A mi hermana Marita, no le dijimos que estaba
muerta, le hicimos creer que estaba dormida. Era la más pequeña y lloraba por
cualquier tontería. Y para poder permanecer en las inmediaciones de la cocina,
era necesario pasar inadvertidos.
Es que la tía murió mientras estaba haciendo
sus famosas croquetas. Cayó desparramada con la cuchara de madera en la mano,
dejando un reguero de bechamel alrededor. Nuestro gato Chispas lamió cada gota,
mientras los adultos intentaban reanimar a la tía. Inútil, estaba claro que
había muerto. De ninguna otra manera hubiera ella dejado de revolver.
La verdad es que un poco de miedito daba, pero
no tanto como para salir corriendo. Además, yo era el mayor y debía dar el
ejemplo. Que en este caso no sabía cuál era. ¿Qué hay que hacer cuando se muere
una tía? ¿Es correcto reírse de la cara de tu hermana que cuando se pone
nerviosa le da por inventar muecas graciosas? ¿Puede uno estornudar o bostezar,
o contar chistes? Pues qué se yo. Yo no tenía experiencia en tías muertas ni en
muertos en general. Quiero decir, muertos de verdad y no los de las películas,
que esos en lugar de cocinando bechamel, se mueren manchándose de kétchup la
camisa blanca para que parezca sangre de verdad. Pero no es cierto que se
mueran. Solo están actuando. Lo que yo no entiendo es que si están actuando por
qué no se mueren de verdad y luego resucitan cuando las cámaras ya no los
enfocan.
Mi padre comenzó a caminar de arriba abajo
tropezándose en cada recorrido con la banqueta alta. Mi madre y el tío Julio se
quedaron de rodillas junto al cuerpo redondo de la tía. Como esperando que se
sentara de pronto y dijera que todo había sido una broma. Pero no. La tía
estaba más pálida que la bechamel a medio hacer. Mi mamá le ponía dos dedos en
el cuello, como si con eso quisiera devolver las palabras a esa boca que había
quedado ligeramente ladeada hacia la derecha, como si estuviera a punto de
contar una de sus típicas anécdotas que ya nadie escuchaba por repetidas. Dejaba
los dedos un ratito ahí y luego repetía en un tono cada vez más bajo: “Nada, se
nos ha ido”.
Mi tío, en cambio, se llevaba las manos a la
cabeza y pronunciaba alternativamente dos frases: “¿Qué haremos ahora?” y
“Estamos perdidos”.
Seguro que la tía no había dejado escrita la
receta de sus croquetas, y siempre se empeñaba en poner su ingrediente secreto
sin que nadie la viera, por lo que nos habíamos quedado sin las mejores
croquetas del mundo mundial.
Pero después me di cuenta de que lo de las
croquetas no era todo el problema. Yo tenía edad suficiente como para saber que
a la tía se la podía querer. Un poco, sí.

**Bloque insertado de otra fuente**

(* Let $R$ be a commutative coherent ring and $0\to A\to B\to C\to 0$ an exact sequence of $R$-modules with $A$ absolutely $w$-pure. Then $B$ is absolutely $w$-pure if and only if $C$ is absolutely $w$-pure.
   Context: A ring is coherent if every finitely generated ideal is finitely presented. A $GV$-ideal of $R$ is a finitely generated ideal $J$ such that the natural map $R\to\mathrm{Hom}_R(J,R)$ is an isomorphism; $GV(R)$ is the set of $GV$-ideals. An $R$-module $X$ is $GV$-torsion if every $x\in X$ satisfies $Jx=0$ for some $J\in GV(R)$. An $R$-module $A$ is absolutely $w$-pure if $\mathrm{Ext}^1_R(N,A)$ is $GV$-torsion for every finitely presented $R$-module $N$. *)

From HB Require Import structures.
From mathcomp Require Import all_boot all_order all_algebra.
Set Implicit Arguments. Unset Strict Implicit. Unset Printing Implicit Defensive.
Import GRing.Theory.
Local Open Scope ring_scope.

Definition in_ideal_gen (R : comNzRingType) (m : nat) (a : 'I_m -> R) (j : R) : Prop :=
  exists x : 'I_m -> R, j = \sum_(i < m) x i * a i.

Definition syzygy (R : comNzRingType) (m : nat) (a : 'I_m -> R) (x : 'I_m -> R) : Prop :=
  \sum_(i < m) x i * a i = 0.

(* A finitely generated ideal I (given by generators a) is finitely presented:
   there is a finite generating family a' of the same ideal such that the kernel of
   R^m' -> I is finitely generated, i.e. there is an exact sequence R^k -> R^m' -> I -> 0. *)
Definition fp_ideal (R : comNzRingType) (m : nat) (a : 'I_m -> R) : Prop :=
  exists (m' : nat) (a' : 'I_m' -> R),
    (forall j, in_ideal_gen a j <-> in_ideal_gen a' j) /\
    exists (k : nat) (s : 'I_k -> ('I_m' -> R)),
      forall x : 'I_m' -> R,
        syzygy a' x <-> exists y : 'I_k -> R, forall i, x i = \sum_(l < k) y l * s l i.

Definition coherent (R : comNzRingType) : Prop :=
  forall (m : nat) (a : 'I_m -> R), fp_ideal a.

(* GV-ideals: J finitely generated (by a) such that the natural map
   R -> Hom_R(J, R), r |-> (j |-> r j), is an isomorphism.
   Elements of Hom_R(J,R) are represented by functions R -> R that are R-linear on J
   (only their values on J matter). *)
Definition linear_on_ideal (R : comNzRingType) (m : nat) (a : 'I_m -> R) (phi : R -> R) : Prop :=
  forall (c j1 j2 : R), in_ideal_gen a j1 -> in_ideal_gen a j2 ->
    phi (c * j1 + j2) = c * phi j1 + phi j2.

Definition GV_ideal (R : comNzRingType) (m : nat) (a : 'I_m -> R) : Prop :=
  (forall r : R, (forall j, in_ideal_gen a j -> r * j = 0) -> r = 0) /\
  (forall phi : R -> R, linear_on_ideal a phi ->
     exists r : R, forall j, in_ideal_gen a j -> phi j = r * j).

(* A finitely presented module is N = R^n / K with K the (finitely generated)
   submodule of R^n = 'rV_n spanned by the rows of M : 'M_(m, n). *)
Definition in_rowspan (R : comNzRingType) (m n : nat) (M : 'M[R]_(m, n)) (u : 'rV[R]_n) : Prop :=
  exists x : 'rV[R]_m, u = x *m M.

(* R-linear maps K -> A, represented as functions on R^n that are linear on K. *)
Definition linear_on_sub (R : comNzRingType) (A : lmodType R) (m n : nat)
    (M : 'M[R]_(m, n)) (f : 'rV[R]_n -> A) : Prop :=
  forall (c : R) (u v : 'rV[R]_n), in_rowspan M u -> in_rowspan M v ->
    f (c *: u + v) = c *: f u + f v.

(* From 0 -> K -> R^n -> N -> 0 with R^n free, Ext^1_R(N, A) = Hom_R(K, A) / Im Hom_R(R^n, A),
   the class [f] of f : K -> A being 0 iff f extends to R^n; the R-action is r[f] = [r f].
   Ext^1_R(N, A) is GV-torsion iff for every f : K -> A there is a GV-ideal J with
   J [f] = 0, i.e. for every r in J, r f extends to an R-linear map R^n -> A. *)
Definition Ext1_fp_GV_torsion (R : comNzRingType) (A : lmodType R) (m n : nat)
    (M : 'M[R]_(m, n)) : Prop :=
  forall f : 'rV[R]_n -> A, linear_on_sub M f ->
    exists (k : nat) (a : 'I_k -> R), GV_ideal a /\
      forall r : R, in_ideal_gen a r ->
        exists g : {linear 'rV[R]_n -> A},
          forall u, in_rowspan M u -> g u = r *: f u.

Definition absolutely_w_pure (R : comNzRingType) (A : lmodType R) : Prop :=
  forall (m n : nat) (M : 'M[R]_(m, n)), Ext1_fp_GV_torsion A M.

Definition short_exact (R : comNzRingType) (A B C : lmodType R)
    (i : {linear A -> B}) (p : {linear B -> C}) : Prop :=
  injective i /\ (forall c : C, exists b : B, p b = c) /\
  (forall b : B, p b = 0 <-> exists x : A, b = i x).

Como se quieren las cosas que siempre
están allí, pero tampoco como para sentirnos tan acongojados ante su ausencia. Y
lo de la receta perdida era una pena, claro. Pero tampoco era tan grave. Por
eso sabía que algo más había en esos gestos dramáticos con que mis padres y el
tío se lamentaban por su muerte.
Empecé a entenderlo, cuando con mucho esfuerzo
la sentaron en su silla y comenzaron a discutir no sé qué de una pensión. Yo la
única pensión que conocía, era la de Don Arturo, a la entrada del pueblo, donde
se alojaban los temporeros en la época de recogida. Pero parece ser que esa
pensión no era el problema. El problema estaba relacionado con el dinero. Ese
que escaseaba en casa desde que papá se había quedado sin trabajo, mamá solo
tenía dos casas martes y jueves, y el tío se había venido a vivir con nosotros
porque no tenía para pagar el alquiler.
Hablaban de cosas difíciles, de esas que
aburren mucho. Por eso los niños nos pusimos a jugar al escondite. Para pasar
el rato. Eso sí, al escondite silencioso. Porque si armábamos mucha bulla, fijo
que nos mandaban otra vez a ver la tele en el salón. Y yo quería quedarme cerca
de la cocina por si terminaban de hablar las cosas difíciles y pasaba algo más
divertido.
Decretamos prohibido esconderse en la cocina,
tampoco queríamos acercarnos tanto, que nunca habíamos visto un muerto de
cerca. Y por más tía Filomena que fuera,
no podíamos olvidarnos de que en el fondo era una muerta de verdad. De
esas de cajones y coronas de flores. Y pañuelos blancos estrujados.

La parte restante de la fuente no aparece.